▶ _RECORDS TO USE_:

○ ○ ○

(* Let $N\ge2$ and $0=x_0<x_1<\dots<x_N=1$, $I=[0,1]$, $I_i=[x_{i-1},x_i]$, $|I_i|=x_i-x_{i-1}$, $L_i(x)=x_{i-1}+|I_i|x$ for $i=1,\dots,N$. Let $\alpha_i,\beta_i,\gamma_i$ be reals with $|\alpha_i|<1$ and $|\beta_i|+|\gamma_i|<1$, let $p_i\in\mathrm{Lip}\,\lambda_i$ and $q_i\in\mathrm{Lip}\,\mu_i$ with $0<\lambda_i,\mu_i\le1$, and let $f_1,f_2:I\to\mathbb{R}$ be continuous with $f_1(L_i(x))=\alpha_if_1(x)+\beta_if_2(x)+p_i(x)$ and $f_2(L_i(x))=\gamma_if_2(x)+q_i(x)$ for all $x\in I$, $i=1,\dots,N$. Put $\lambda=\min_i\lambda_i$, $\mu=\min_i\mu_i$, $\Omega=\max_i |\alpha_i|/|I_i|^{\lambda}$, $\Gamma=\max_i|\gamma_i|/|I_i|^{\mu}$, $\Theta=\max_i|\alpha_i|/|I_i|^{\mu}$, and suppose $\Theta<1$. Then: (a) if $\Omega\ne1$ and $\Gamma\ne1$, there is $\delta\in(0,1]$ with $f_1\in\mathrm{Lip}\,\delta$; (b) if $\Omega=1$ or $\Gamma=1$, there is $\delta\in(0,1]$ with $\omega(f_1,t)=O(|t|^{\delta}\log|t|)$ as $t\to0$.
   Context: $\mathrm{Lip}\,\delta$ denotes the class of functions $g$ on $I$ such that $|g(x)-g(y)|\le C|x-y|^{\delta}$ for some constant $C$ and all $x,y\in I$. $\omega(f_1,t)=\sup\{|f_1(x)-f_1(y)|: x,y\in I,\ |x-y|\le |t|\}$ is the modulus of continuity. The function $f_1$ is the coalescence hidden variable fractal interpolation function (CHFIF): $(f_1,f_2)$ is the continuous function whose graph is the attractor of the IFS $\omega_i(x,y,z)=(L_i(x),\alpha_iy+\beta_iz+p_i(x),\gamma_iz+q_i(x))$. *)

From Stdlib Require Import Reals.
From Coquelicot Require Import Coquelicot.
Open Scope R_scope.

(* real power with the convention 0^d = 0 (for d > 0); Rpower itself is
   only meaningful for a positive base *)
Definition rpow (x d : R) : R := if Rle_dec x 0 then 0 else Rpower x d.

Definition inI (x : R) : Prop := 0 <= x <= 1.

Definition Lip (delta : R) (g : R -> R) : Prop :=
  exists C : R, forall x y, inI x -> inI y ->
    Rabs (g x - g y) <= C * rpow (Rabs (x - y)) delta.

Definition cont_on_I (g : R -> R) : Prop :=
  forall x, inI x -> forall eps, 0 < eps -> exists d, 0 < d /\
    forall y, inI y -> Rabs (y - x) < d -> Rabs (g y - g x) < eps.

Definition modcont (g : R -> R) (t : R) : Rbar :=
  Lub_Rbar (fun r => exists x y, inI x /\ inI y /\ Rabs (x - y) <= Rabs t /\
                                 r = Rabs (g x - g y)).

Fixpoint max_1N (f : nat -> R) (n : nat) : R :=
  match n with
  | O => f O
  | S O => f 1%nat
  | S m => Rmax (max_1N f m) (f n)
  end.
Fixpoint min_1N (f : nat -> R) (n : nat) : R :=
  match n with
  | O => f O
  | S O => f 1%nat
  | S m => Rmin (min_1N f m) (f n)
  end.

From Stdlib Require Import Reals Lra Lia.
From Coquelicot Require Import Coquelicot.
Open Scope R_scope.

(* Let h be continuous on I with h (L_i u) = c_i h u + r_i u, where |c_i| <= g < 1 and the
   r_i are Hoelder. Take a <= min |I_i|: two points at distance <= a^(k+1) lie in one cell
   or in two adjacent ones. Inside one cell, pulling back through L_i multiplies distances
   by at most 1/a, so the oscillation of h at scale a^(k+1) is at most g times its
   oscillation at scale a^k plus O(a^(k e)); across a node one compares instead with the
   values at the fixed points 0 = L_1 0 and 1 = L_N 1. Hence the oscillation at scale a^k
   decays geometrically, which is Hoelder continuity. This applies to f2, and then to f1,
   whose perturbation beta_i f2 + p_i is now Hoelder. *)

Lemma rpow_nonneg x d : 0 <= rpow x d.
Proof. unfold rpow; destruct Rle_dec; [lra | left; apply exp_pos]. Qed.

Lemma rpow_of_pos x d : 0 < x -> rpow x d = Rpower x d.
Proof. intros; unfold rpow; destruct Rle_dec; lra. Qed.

○ ○ ○

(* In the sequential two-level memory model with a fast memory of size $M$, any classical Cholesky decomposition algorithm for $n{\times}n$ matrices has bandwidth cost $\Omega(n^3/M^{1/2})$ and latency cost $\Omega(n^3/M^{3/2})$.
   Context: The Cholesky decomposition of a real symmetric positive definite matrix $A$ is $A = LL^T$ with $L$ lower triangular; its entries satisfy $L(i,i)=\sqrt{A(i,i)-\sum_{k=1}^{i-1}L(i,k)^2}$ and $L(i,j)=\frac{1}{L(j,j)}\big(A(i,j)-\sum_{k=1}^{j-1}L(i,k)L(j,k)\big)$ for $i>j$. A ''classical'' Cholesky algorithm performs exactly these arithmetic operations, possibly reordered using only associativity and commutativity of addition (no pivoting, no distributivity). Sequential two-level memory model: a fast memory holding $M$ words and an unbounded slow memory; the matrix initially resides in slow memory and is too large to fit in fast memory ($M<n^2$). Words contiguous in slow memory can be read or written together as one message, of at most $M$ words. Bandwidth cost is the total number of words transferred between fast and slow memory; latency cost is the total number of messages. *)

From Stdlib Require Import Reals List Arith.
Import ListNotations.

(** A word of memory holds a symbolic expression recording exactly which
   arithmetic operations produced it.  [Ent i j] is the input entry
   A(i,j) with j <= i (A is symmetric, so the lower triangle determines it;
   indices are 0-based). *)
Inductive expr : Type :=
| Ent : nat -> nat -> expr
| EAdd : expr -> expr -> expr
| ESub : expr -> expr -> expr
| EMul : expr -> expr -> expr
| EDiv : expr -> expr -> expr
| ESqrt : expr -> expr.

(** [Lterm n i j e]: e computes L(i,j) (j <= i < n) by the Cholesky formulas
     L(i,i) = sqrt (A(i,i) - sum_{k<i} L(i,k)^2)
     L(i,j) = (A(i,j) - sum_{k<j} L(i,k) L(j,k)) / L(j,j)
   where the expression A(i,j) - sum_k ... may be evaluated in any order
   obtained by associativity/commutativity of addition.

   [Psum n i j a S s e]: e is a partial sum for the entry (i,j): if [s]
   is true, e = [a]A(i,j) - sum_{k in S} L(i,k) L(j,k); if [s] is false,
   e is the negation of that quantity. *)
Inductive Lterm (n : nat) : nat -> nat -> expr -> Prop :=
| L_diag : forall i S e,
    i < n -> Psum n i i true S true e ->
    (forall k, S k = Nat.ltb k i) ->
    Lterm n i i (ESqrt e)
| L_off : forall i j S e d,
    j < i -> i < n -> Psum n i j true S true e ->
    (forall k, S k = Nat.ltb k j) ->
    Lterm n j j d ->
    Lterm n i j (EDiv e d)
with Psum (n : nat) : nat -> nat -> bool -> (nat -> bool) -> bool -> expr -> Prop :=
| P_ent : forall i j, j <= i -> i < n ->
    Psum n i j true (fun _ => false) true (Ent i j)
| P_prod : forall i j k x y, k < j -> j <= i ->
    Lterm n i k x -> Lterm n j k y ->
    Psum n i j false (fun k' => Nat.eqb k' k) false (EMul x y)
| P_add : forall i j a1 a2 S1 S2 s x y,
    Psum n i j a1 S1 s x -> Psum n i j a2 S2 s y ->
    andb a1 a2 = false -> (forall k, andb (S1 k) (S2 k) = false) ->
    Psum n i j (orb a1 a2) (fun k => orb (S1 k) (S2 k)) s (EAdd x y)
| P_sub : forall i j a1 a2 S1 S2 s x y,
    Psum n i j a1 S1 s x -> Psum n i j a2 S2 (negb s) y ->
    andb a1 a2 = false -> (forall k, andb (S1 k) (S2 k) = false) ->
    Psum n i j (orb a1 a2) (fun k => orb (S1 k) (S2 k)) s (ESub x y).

○ ○ ○

▶ _WHAT NEEDS TO BE DONE_: In the listing above, find the line containing "with Psum (n" and the line containing "Lterm n i k x -> Lterm n j k y ->", then repeat those two lines and everything between them exactly.

▶ _SOLUTION_:
with Psum (n : nat) : nat -> nat -> bool -> (nat -> bool) -> bool -> expr -> Prop :=
| P_ent : forall i j, j <= i -> i < n ->
    Psum n i j true (fun _ => false) true (Ent i j)
| P_prod : forall i j k x y, k < j -> j <= i ->
    Lterm n i k x -> Lterm n j k y ->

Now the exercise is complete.